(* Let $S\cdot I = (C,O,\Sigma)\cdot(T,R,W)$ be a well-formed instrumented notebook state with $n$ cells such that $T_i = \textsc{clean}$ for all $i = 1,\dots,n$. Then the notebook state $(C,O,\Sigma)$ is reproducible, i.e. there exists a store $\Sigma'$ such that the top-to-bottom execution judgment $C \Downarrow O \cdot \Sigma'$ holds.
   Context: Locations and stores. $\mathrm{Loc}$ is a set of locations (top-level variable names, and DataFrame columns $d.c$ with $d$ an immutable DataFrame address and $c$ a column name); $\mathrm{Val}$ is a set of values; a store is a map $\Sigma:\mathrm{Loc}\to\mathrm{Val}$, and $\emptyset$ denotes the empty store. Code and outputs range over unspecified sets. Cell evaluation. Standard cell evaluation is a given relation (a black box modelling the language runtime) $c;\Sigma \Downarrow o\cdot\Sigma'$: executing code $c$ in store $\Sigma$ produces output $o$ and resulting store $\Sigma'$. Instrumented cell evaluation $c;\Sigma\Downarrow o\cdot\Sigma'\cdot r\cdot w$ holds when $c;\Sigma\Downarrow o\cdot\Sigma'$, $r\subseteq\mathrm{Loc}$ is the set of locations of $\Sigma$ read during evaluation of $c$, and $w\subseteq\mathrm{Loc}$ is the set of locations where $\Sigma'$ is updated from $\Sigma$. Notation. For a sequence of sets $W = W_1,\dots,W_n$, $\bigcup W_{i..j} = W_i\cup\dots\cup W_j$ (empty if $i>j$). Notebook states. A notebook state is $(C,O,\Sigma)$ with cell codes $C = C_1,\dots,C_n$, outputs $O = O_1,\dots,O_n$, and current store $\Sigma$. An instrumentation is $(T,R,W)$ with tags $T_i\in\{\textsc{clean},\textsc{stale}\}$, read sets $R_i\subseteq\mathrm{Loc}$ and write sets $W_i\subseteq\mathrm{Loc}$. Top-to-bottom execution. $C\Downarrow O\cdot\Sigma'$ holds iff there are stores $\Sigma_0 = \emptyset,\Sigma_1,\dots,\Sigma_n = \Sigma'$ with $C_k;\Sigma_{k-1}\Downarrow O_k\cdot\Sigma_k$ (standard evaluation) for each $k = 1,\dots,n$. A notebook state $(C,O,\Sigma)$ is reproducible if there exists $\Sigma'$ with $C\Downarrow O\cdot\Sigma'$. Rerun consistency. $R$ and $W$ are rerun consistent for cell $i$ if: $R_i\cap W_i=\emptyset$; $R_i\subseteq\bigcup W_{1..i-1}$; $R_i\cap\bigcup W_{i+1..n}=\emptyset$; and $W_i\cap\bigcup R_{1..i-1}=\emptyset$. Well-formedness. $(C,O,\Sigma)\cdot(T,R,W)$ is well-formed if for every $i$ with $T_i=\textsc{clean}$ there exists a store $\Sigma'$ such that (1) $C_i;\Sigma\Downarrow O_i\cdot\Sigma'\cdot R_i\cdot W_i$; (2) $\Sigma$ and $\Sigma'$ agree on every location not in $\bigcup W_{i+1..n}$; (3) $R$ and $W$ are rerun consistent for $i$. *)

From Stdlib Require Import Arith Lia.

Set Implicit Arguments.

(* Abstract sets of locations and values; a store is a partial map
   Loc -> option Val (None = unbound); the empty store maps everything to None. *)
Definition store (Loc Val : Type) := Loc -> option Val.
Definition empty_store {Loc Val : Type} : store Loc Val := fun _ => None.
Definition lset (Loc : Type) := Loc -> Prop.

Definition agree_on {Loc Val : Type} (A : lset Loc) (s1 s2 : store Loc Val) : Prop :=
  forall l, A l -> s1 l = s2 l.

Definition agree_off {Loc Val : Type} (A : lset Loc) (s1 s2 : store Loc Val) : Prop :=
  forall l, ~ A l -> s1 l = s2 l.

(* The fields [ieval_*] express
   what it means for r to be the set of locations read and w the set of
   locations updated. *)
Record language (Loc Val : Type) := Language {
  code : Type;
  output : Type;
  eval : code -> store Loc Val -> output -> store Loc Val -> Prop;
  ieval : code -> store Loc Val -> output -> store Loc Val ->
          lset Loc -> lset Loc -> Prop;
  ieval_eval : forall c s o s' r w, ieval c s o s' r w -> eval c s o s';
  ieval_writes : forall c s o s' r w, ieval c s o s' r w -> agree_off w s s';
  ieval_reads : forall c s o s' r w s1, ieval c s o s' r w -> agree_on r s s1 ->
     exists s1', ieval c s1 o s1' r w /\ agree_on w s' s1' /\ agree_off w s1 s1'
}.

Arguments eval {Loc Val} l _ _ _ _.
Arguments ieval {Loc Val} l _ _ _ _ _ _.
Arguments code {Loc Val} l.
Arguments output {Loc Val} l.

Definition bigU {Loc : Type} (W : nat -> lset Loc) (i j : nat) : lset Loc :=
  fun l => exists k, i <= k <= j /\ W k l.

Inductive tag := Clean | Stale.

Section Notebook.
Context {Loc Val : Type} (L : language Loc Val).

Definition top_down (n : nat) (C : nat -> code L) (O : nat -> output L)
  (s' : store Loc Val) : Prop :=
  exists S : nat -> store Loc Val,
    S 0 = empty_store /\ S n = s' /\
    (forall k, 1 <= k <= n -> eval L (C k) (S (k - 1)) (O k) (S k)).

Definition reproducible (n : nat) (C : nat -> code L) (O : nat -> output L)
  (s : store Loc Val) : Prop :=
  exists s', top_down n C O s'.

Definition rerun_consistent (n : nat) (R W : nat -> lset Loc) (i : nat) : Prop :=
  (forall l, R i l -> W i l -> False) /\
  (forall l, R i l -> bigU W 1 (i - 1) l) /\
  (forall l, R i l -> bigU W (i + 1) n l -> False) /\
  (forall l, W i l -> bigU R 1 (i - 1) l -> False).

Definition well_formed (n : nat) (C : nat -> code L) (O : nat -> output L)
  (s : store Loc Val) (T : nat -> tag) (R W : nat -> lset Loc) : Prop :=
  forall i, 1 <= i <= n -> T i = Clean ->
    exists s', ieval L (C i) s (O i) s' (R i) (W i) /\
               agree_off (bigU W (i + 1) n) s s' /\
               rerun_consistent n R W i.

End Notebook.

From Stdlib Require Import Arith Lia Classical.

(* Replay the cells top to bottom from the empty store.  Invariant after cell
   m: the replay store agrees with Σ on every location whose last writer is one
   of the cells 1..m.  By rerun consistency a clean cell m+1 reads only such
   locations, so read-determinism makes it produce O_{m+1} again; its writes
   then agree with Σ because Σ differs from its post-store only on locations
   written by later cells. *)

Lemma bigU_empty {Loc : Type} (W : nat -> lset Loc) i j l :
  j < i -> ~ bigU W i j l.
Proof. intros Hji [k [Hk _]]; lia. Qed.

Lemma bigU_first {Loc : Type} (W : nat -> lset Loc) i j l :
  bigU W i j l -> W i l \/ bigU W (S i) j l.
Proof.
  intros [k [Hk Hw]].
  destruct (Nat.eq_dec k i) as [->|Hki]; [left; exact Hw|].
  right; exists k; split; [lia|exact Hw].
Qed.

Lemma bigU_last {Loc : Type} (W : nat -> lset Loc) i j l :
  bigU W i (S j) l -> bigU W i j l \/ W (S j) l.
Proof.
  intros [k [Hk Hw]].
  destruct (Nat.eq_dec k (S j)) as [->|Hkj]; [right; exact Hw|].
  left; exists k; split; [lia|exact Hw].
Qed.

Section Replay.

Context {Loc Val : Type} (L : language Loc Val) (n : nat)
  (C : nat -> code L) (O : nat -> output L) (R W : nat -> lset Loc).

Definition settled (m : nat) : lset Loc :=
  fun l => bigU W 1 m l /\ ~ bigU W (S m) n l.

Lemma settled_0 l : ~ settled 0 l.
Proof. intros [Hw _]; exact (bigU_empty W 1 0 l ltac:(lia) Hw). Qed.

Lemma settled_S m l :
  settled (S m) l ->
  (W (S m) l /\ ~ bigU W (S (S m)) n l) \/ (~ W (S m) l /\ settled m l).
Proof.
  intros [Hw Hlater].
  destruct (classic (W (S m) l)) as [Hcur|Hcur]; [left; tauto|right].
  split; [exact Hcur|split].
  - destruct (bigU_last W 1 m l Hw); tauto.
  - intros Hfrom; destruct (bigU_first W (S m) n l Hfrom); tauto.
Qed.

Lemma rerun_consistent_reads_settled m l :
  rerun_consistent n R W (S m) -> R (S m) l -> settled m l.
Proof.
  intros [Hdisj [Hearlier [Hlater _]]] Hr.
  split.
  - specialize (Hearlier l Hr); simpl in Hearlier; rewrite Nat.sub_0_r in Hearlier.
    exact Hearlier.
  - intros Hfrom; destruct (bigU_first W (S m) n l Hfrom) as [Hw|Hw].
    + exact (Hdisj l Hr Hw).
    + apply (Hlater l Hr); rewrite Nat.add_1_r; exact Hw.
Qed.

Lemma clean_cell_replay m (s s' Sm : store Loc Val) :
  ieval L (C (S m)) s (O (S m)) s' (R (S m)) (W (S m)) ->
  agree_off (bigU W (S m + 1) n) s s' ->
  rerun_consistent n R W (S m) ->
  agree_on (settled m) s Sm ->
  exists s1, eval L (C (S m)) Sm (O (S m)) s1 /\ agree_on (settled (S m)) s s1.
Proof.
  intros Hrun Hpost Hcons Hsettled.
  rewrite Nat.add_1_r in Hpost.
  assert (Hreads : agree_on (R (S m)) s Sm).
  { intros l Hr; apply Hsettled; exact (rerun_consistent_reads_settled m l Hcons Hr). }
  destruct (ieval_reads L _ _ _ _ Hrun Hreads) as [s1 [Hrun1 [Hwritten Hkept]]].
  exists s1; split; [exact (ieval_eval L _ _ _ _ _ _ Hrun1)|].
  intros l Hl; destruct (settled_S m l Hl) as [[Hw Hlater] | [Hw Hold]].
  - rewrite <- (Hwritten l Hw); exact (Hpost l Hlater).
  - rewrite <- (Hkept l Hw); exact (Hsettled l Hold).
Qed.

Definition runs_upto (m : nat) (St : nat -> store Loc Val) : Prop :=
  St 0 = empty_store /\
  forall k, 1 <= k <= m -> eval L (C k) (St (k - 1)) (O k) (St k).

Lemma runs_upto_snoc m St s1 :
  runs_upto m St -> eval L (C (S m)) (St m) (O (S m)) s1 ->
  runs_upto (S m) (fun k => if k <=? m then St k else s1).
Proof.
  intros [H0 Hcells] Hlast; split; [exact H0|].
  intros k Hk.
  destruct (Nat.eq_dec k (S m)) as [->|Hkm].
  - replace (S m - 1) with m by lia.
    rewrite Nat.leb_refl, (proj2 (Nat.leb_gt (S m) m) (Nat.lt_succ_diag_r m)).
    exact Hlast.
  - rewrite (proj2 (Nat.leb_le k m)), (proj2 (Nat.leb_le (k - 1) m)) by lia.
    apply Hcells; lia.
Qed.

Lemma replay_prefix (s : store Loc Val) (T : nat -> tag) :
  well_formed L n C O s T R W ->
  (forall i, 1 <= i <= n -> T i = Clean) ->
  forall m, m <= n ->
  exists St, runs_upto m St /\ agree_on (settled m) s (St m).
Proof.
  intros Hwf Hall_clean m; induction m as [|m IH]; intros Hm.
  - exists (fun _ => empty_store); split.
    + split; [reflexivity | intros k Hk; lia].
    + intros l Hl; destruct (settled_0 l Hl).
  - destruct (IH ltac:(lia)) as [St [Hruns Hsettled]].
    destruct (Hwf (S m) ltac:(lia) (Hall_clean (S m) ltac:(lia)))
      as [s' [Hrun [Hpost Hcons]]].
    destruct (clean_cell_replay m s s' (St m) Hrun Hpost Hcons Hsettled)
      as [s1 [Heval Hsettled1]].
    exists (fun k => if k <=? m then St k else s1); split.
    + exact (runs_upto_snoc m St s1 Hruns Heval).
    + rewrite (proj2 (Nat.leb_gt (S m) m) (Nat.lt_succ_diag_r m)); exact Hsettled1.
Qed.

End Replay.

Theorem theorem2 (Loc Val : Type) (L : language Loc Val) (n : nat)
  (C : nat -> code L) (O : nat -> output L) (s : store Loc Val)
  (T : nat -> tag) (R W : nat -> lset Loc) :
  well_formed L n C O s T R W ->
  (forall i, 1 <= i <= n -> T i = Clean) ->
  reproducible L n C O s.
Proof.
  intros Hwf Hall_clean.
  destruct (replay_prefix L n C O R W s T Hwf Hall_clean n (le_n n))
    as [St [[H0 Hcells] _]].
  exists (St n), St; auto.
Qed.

▬▬▬▬▬▬

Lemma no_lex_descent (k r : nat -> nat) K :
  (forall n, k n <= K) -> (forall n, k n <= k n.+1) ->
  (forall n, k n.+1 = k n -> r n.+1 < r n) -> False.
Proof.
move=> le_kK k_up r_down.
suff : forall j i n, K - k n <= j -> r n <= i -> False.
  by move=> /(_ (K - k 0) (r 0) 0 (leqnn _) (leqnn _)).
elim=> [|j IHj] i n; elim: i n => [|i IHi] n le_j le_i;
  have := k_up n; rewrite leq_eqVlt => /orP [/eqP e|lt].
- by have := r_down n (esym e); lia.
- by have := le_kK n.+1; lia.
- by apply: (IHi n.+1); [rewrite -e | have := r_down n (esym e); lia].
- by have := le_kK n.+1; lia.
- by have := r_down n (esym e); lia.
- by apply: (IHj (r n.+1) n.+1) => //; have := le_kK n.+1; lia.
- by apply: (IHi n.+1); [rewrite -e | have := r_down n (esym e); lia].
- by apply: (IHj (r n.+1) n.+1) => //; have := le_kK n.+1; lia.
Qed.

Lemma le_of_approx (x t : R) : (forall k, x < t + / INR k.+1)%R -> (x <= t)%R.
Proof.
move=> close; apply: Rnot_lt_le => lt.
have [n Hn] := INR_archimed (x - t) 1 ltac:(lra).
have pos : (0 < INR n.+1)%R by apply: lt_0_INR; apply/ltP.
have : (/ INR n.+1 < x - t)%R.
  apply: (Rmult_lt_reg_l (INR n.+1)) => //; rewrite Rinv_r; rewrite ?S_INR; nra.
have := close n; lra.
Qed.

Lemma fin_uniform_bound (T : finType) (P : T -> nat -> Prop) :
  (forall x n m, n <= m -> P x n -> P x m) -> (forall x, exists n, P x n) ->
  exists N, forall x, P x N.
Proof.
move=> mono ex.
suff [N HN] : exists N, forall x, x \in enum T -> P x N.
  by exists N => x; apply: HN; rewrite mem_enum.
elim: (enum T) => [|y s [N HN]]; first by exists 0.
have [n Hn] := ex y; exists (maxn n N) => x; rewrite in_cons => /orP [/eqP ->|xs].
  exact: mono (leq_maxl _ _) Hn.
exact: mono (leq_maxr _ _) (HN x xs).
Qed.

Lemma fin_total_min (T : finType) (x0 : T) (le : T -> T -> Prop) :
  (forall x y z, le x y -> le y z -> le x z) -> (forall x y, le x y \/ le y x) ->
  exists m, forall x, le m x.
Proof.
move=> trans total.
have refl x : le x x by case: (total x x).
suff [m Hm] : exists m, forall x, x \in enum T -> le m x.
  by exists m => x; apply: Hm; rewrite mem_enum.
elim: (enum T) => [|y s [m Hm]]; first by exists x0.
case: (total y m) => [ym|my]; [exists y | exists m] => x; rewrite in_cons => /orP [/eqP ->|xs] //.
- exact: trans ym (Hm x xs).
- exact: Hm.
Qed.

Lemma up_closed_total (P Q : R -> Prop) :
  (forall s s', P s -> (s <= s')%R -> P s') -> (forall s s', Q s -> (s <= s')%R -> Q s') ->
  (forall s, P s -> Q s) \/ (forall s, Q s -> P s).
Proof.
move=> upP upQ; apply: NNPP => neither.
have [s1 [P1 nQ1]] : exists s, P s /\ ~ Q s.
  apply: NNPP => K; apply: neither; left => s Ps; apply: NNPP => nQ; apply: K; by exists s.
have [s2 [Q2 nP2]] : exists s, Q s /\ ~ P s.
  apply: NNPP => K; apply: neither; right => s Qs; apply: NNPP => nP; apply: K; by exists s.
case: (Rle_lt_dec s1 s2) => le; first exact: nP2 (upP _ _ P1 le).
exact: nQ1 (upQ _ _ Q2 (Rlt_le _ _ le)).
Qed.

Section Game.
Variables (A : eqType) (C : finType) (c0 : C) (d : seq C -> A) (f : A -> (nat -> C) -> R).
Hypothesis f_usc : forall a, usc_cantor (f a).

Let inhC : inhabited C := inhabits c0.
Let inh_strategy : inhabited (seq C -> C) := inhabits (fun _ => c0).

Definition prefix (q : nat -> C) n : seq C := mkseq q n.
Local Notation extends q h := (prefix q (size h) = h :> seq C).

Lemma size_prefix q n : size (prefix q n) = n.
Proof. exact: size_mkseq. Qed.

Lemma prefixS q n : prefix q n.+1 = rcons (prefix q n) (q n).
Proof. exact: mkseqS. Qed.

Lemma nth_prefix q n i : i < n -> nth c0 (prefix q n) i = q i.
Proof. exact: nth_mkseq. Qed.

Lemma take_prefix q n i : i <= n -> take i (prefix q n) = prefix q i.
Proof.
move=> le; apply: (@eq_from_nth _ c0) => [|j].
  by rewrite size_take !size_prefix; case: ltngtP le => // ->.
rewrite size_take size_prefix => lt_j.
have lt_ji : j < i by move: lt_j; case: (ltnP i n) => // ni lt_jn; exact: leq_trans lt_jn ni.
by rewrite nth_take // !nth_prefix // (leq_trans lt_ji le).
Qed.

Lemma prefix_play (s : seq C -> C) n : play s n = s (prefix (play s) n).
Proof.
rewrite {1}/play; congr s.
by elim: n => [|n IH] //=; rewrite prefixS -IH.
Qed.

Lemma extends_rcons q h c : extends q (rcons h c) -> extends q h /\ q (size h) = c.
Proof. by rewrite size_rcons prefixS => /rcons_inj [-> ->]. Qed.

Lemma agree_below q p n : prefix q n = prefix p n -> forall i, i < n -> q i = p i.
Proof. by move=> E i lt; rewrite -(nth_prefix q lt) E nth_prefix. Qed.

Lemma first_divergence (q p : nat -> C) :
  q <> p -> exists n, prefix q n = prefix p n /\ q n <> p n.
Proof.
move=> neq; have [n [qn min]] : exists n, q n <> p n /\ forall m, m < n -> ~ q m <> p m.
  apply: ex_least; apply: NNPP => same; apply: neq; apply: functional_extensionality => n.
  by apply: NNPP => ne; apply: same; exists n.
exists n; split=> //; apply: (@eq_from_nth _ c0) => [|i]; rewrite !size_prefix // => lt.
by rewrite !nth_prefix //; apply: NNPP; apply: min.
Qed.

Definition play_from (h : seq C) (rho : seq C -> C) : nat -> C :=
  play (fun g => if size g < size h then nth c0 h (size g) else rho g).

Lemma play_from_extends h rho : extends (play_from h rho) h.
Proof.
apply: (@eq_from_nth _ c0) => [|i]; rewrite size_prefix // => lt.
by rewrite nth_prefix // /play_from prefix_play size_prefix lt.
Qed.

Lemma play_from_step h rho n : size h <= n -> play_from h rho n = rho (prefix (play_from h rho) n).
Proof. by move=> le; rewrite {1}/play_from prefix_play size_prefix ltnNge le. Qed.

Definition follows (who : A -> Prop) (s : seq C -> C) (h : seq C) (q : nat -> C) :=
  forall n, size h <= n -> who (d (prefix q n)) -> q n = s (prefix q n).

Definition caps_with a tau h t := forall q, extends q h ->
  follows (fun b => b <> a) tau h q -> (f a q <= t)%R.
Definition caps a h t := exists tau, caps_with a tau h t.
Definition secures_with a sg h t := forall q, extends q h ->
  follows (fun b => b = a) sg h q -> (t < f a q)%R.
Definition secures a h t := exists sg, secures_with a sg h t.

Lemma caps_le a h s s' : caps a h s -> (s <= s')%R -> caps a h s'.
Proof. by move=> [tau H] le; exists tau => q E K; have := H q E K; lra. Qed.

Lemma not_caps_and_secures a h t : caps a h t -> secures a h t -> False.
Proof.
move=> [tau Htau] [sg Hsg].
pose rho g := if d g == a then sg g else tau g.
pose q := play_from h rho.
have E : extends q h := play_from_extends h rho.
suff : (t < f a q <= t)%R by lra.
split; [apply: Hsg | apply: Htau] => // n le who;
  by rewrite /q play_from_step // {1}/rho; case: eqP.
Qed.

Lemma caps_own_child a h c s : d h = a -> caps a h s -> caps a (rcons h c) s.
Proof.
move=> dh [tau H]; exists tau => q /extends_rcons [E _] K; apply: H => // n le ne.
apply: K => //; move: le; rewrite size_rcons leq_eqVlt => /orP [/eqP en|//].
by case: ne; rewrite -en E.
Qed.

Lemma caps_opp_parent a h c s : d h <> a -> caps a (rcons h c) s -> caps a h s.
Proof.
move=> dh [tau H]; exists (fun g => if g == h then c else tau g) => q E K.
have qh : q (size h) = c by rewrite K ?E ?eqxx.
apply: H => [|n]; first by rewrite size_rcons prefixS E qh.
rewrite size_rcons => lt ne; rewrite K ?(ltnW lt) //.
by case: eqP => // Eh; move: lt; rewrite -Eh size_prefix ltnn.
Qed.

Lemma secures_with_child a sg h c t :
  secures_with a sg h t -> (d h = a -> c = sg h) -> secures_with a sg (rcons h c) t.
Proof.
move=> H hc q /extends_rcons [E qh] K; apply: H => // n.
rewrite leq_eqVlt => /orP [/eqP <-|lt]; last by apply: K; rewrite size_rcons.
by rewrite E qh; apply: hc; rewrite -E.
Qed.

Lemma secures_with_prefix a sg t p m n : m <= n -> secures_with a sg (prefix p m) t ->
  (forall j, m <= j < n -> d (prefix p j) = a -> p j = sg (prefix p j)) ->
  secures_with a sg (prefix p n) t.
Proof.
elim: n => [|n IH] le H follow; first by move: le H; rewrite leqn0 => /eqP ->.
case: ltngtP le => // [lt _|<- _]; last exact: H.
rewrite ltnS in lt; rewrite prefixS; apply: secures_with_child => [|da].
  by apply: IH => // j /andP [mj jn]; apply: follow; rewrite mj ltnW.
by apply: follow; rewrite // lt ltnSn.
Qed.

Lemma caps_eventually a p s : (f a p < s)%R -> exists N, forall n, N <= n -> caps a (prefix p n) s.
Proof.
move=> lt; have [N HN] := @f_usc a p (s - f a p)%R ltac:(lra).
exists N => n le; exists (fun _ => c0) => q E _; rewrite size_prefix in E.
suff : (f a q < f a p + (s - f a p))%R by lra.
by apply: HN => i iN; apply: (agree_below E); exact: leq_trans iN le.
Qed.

▬▬▬▬▬▬

Task goal: The string "Hwritten" may occur in the listing; show every line where it does.

Answer for this exercise:
  destruct (ieval_reads L _ _ _ _ Hrun Hreads) as [s1 [Hrun1 [Hwritten Hkept]]].
  - rewrite <- (Hwritten l Hw); exact (Hpost l Hlater).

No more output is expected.